John Biggs: Very interesting. How has this industry changed since you started in it?

Joe Savitch: How has it changed since this morning? Or yesterday?

John Biggs: How has it changed since this weekend?

Joe Savitch: The change is inevitable, it’s dramatic. Men typically don’t like change. We like things to stay the same, I have the same breakfast every morning, I have the same haircut for the last 25-years. But in marketing, you have to be willing to pivot on a daily or weekly basis. I spend a good portion of every day just checking the relevant search blogs, Twitter because you never know what Google’s gonna do and what they’re gonna put a value on today, tomorrow, yesterday. It’s all crazy.

So being adept at change and following the trends is important… And I say, “Google,” but it’s all search engines, and everyone just mimics what they do. 

Staying current is probably the most important thing. And I tell my team that a minimum of two to three hours per week needs to be spent on research, reading trends.

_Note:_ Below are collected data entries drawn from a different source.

Arguments gsrc_idm {_} _. Arguments grng_idm {_} _.
Arguments gsrc_comp {_} _ _ _. Arguments grng_comp {_} _ _ _.
Arguments gcomp_idl {_} _. Arguments gcomp_idr {_} _.
Arguments gcomp_assoc {_} _ _ _ _ _.
Arguments gsrc_inv {_} _. Arguments grng_inv {_} _.
Arguments ginv_l {_} _. Arguments ginv_r {_} _.

Section GroupoidCancellation.
Context {G : Groupoid}.

Lemma gcomp_inv_cancel_l (a x : GMor G) :
  gsrc a = grng x -> gcomp (ginv G a) (gcomp a x) = x.
Proof.
  intro H; rewrite <- gcomp_assoc by (rewrite ?gsrc_inv; auto).
  now rewrite ginv_l, H, gcomp_idl.
Qed.

Lemma gcomp_cancel_r (k1 k2 x : GMor G) :
  gsrc k1 = grng x -> gsrc k2 = grng x -> gcomp k1 x = gcomp k2 x -> k1 = k2.
Proof.
  intros H1 H2 He.
  rewrite <- (gcomp_idr k1), <- (gcomp_idr k2), H1, H2, <- (ginv_r x).
  rewrite <- !gcomp_assoc by (rewrite ?grng_inv; auto).
  now rewrite He.
Qed.

End GroupoidCancellation.

Lemma Zig_src_unique {L : LCSC} {z u w} :
  Zig (L:=L) z u w -> forall {u' w'}, Zig z u' w' -> w = w'.
Proof.
  induction 1 as [a b Hab | a b z w Hab Hz IH]; intros u' w' H'; inversion H'; subst.
  - reflexivity.
  - match goal with H : Zig [] _ _ |- _ => inversion H end.
  - inversion Hz.
  - eauto.
Qed.

Section Embedding.
Context {L : LCSC} {G : Groupoid} {F0 : Obj L -> GObj G} {F1 : Mor L -> GMor G}.
Hypotheses (F1_src : forall a, gsrc (F1 a) = F0 (src a))
           (F1_rng : forall a, grng (F1 a) = F0 (rng a))
           (F1_comp : forall a b, src a = rng b -> F1 (comp a b) = gcomp (F1 a) (F1 b))
           (F1_inj : forall a b, F1 a = F1 b -> a = b).

Definition zigzag_step (a b : Mor L) (k : GMor G) : GMor G :=
  gcomp (ginv G (F1 a)) (gcomp (F1 b) k).

(* The element [F(α1)⁻¹ F(β1) ⋯ F(αn)⁻¹ F(βn)]; [w] is the source of the zigzag. *)
Definition zigzag_prod (z : list (Mor L * Mor L)) (w : Obj L) : GMor G :=
  fold_right (fun ab k => zigzag_step (fst ab) (snd ab) k) (gidm (F0 w)) z.

Lemma zigzag_step_ends a b k w :
  rng a = rng b -> gsrc k = F0 w -> grng k = F0 (src b) ->
  gsrc (zigzag_step a b k) = F0 w /\ grng (zigzag_step a b k) = F0 (src a).
Proof.
  intros Hab Hs Hr; unfold zigzag_step.
  assert (Hbk : gsrc (F1 b) = grng k) by now rewrite F1_src.
  assert (Hab' : gsrc (ginv G (F1 a)) = grng (gcomp (F1 b) k))
    by (rewrite gsrc_inv, grng_comp, !F1_rng; congruence).
  split.
  - now rewrite gsrc_comp, gsrc_comp.
  - now rewrite grng_comp, grng_inv, F1_src.
Qed.

Lemma zigzag_prod_ends {z u w} :
  Zig z u w -> gsrc (zigzag_prod z w) = F0 w /\ grng (zigzag_prod z w) = F0 u.
Proof.
  induction 1 as [a b Hab | a b z w Hab Hz [IHs IHr]]; simpl;
    apply zigzag_step_ends; rewrite ?gsrc_idm, ?grng_idm; auto.
Qed.

Lemma zigzag_step_Phi a b k g e d :
  rng a = rng b -> grng k = F0 (src b) -> gsrc k = grng (F1 g) ->
  src b = rng e -> src a = rng d -> comp a d = comp b e ->
  F1 e = gcomp k (F1 g) -> F1 d = gcomp (zigzag_step a b k) (F1 g).
Proof.
  intros Hab Hk Hkg He Hd Hade HFe; unfold zigzag_step.
  assert (Hbk : gsrc (F1 b) = grng k) by now rewrite F1_src.
  rewrite <- (gcomp_inv_cancel_l (F1 a) (F1 d)) by now rewrite F1_src, F1_rng, Hd.
  rewrite <- F1_comp, Hade, F1_comp, HFe by assumption.
  rewrite !gcomp_assoc; auto.
  - rewrite gsrc_inv, grng_comp, !F1_rng; congruence.
  - now rewrite gsrc_comp.
Qed.

Lemma Phi_zigzag_prod {z u w g d} :
  Zig z u w -> Phi z g d -> rng g = w /\ F1 d = gcomp (zigzag_prod z w) (F1 g).
Proof.
  intro Hz; revert g d.
  induction Hz as [a b Hab | a b z w Hab Hz IH]; intros g d [e [He [Hbe [Had Hade]]]].
  - simpl in He |- *; subst e; split; [auto|].
    apply zigzag_step_Phi with g; rewrite ?grng_idm, ?gsrc_idm, ?F1_rng, ?Hbe; auto.
    now rewrite <- F1_rng, gcomp_idl.
  - destruct (IH g e He) as [Hg HFe]; split; [exact Hg|].
    destruct (zigzag_prod_ends Hz) as [Hs Hr].
    simpl; apply zigzag_step_Phi with e; rewrite ?Hs, ?Hr, ?F1_rng, ?Hg; auto.
Qed.

Lemma zigzag_prod_eq_of_Phi {z1 u1 z2 u2 w g d} :
  Zig z1 u1 w -> Zig z2 u2 w -> Phi z1 g d -> Phi z2 g d ->
  zigzag_prod z1 w = zigzag_prod z2 w.
Proof.
  intros Z1 Z2 P1 P2.
  destruct (Phi_zigzag_prod Z1 P1) as [Hg E1], (Phi_zigzag_prod Z2 P2) as [_ E2].
  apply (gcomp_cancel_r _ _ (F1 g)); [| |congruence].
  - now rewrite (proj1 (zigzag_prod_ends Z1)), F1_rng, Hg.
  - now rewrite (proj1 (zigzag_prod_ends Z2)), F1_rng, Hg.
Qed.

Lemma Phi_eq_of_zigzag_prod_eq {z1 u1 z2 u2 w g d1 d2} :
  Zig z1 u1 w -> Zig z2 u2 w -> zigzag_prod z1 w = zigzag_prod z2 w ->
  Phi z1 g d1 -> Phi z2 g d2 -> d1 = d2.
Proof.
  intros Z1 Z2 HK P1 P2; apply F1_inj.
  rewrite (proj2 (Phi_zigzag_prod Z1 P1)), (proj2 (Phi_zigzag_prod Z2 P2)).
  now rewrite HK.
Qed.

End Embedding.

Arguments zigzag_step {L G} F1 a b k.
Arguments zigzag_prod {L G} F0 F1 z w.

Section G2Topology.
Context {L : LCSC}.

Lemma sim2_refl (p : ZX L) : sim2 p p.
Proof. repeat split; exists (Adom (zx_z p)); split; [apply zx_dom | tauto]. Qed.

Lemma sim2_sym {p q : ZX L} : sim2 p q -> sim2 q p.
Proof.
  intros [Hv [HU [E [HE Hagree]]]]; repeat split; auto.
  exists E; split; [now rewrite <- HU|].
  intros g Hg d; symmetry; auto.
Qed.

Lemma sim2_trans {p q r : ZX L} : sim2 p q -> sim2 q r -> sim2 p r.
Proof.
  intros [Hv [HU [E [HE HagE]]]] [Hv' [HU' [F [HF HagF]]]].
  split; [congruence|]; split; [congruence|].
  exists (fun g => E g /\ F g); split.
  - apply (uf_inter (zx_ultra p)); [exact HE | now rewrite HU].
  - intros g [HEg HFg] d; rewrite HagE; auto.
Qed.

Lemma zx_v_of_zx_z {p q : ZX L} : zx_z p = zx_z q -> zx_v p = zx_v q.
Proof.
  intro Hz; destruct (zx_zig p) as [u Hp], (zx_zig q) as [u' Hq].
  rewrite Hz in Hp; exact (Zig_src_unique Hp Hq).
Qed.

Lemma G2_rep (x : G2 L) : exists p, proj1_sig x p.
Proof. destruct x as [P [p Hp]]; exists p; apply Hp, sim2_refl. Qed.

Lemma G2_eq_of_sim2 {x y : G2 L} {p q} :
  proj1_sig x p -> proj1_sig y q -> sim2 p q -> x = y.
Proof.
  destruct x as [P [p0 HP]], y as [Q [q0 HQ]]; simpl; intros Hp Hq Hpq.
  apply subset_eq_compat, pred_ext; intro r; rewrite HP, HQ.
  apply HP in Hp; apply HQ in Hq.
  split; intro H.
  - apply (sim2_trans Hq), (sim2_trans (sim2_sym Hpq)), (sim2_trans (sim2_sym Hp)), H.
  - apply (sim2_trans Hp), (sim2_trans Hpq), (sim2_trans (sim2_sym Hq)), H.
Qed.

Definition basic_set (p : ZX L) (E : Mor L -> Prop) : G2 L -> Prop :=
  fun c => exists p', zx_z p' = zx_z p /\ zx_U p' E /\ proj1_sig c p'.

Lemma basic_set_open {p : ZX L} {E} :
  inA (zx_v p) E -> (forall g, E g -> Adom (zx_z p) g) ->
  open_gen (@G2_basis L) (basic_set p E).
Proof.
  intros HE Hsub c Hc; exists (basic_set p E); split; [|split; auto].
  destruct (zx_zig p) as [u Hu].
  exists (zx_z p), u, (zx_v p), E; repeat split; auto.
Qed.

Definition separated (x y : G2 L) : Prop :=
  exists U V, open_gen (@G2_basis L) U /\ open_gen (@G2_basis L) V /\ U x /\ V y /\
    (forall t, U t -> V t -> False).

Definition basic_disjoint (p : ZX L) E (q : ZX L) F : Prop :=
  forall p' q', sim2 p' q' -> zx_z p' = zx_z p -> zx_z q' = zx_z q ->
    zx_U p' E -> zx_U q' F -> False.

Lemma separated_of_basic_disjoint {x y : G2 L} {p q E F} :
  proj1_sig x p -> proj1_sig y q -> zx_U p E -> zx_U q F ->
  (forall g, E g -> Adom (zx_z p) g) -> (forall g, F g -> Adom (zx_z q) g) ->
  basic_disjoint p E q F -> separated x y.
Proof.
  intros Hx Hy HE HF HEdom HFdom Hdisj.
  exists (basic_set p E), (basic_set q F); repeat split.
  - exact (basic_set_open (uf_inA (zx_ultra p) HE) HEdom).
  - exact (basic_set_open (uf_inA (zx_ultra q) HF) HFdom).
  - now exists p.
  - now exists q.
  - intros [R [r Hr]] [p' [Hzp [HUp Hp']]] [q' [Hzq [HUq Hq']]]; simpl in Hp', Hq'.
    apply Hr in Hp'; apply Hr in Hq'.
    exact (Hdisj p' q' (sim2_trans (sim2_sym Hp') Hq') Hzp Hzq HUp HUq).
Qed.

Lemma separated_of_zx_v_neq {x y : G2 L} {p q} :
  proj1_sig x p -> proj1_sig y q -> zx_v p <> zx_v q -> separated x y.
Proof.
  intros Hx Hy Hv.
  apply (separated_of_basic_disjoint Hx Hy (zx_dom p) (zx_dom q)); auto.
  intros p' q' [Hv' _] Hzp Hzq _ _; apply Hv.
  now rewrite <- (zx_v_of_zx_z Hzp), <- (zx_v_of_zx_z Hzq).
Qed.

Because the worst thing that can happen, in my opinion, is that the client can come to you and say, “So I read that Google did, X… You know, does this affect my business?” I’m the one that’s going to the client first, saying, “Hey, Google’s just made a change or they’re about to make the change. We gotta do something, quick.”

We want to be that trusted advisor that is coaching our clients to be ahead of the curve, not getting caught off guard by something that could have just been discovered if you read the  “Papers,” but it’s all digital now, it’s not actually paper.

John Biggs: What are some minor things that a business could do to fix it’s marketing efforts? What are some of the real show stoppers that you’ve seen recently?

Joe Savitch: Listen to your customers. Talk to them, get feedback. One of the great functionalities in Hotjar is requesting user feedback, getting people to talk about your business. Even us, as an agency, we look at our own website. Is it a good website? Is it a good presence? Is it a good blog? Is this content good? We have our opinions, we’re in our businesses every day. 

Sometimes, you just need to stop and listen to what other people are saying and how they’re using your website, your product, your service, whatever it is.

And you need to listen to what they’re saying, because behind every click, behind every impression, behind every data point that we look at, there are people. And these people may have the same motivations as you, and they may be different, but ultimately, they’re the ones using your product. They’re the ones using your service. And if you’re not listening to what your customer wants, you’re not going to be around for very long. We’ve seen a lot of businesses that try to fight that because they know what their people need. Ultimately, people will just go with the path of least resistance and find a solution that works best for them, and if it’s not you, it’s your competitor.

John Biggs: Very cool, Joe. Thank you for joining us. This has been an interesting insight.

Joe Savitch: Thank you, you’re very welcome!

John Biggs: All right. Thanks for listening to the Creatopy podcast. We will see you next time with another fascinating deep dive into online marketing. 


This concludes our episode for today, we hope that it inspires you to pay more attention to content marketing and to the ones who deliver it, as well as to the constant change that this industry is based on, and the way people are using your product or services.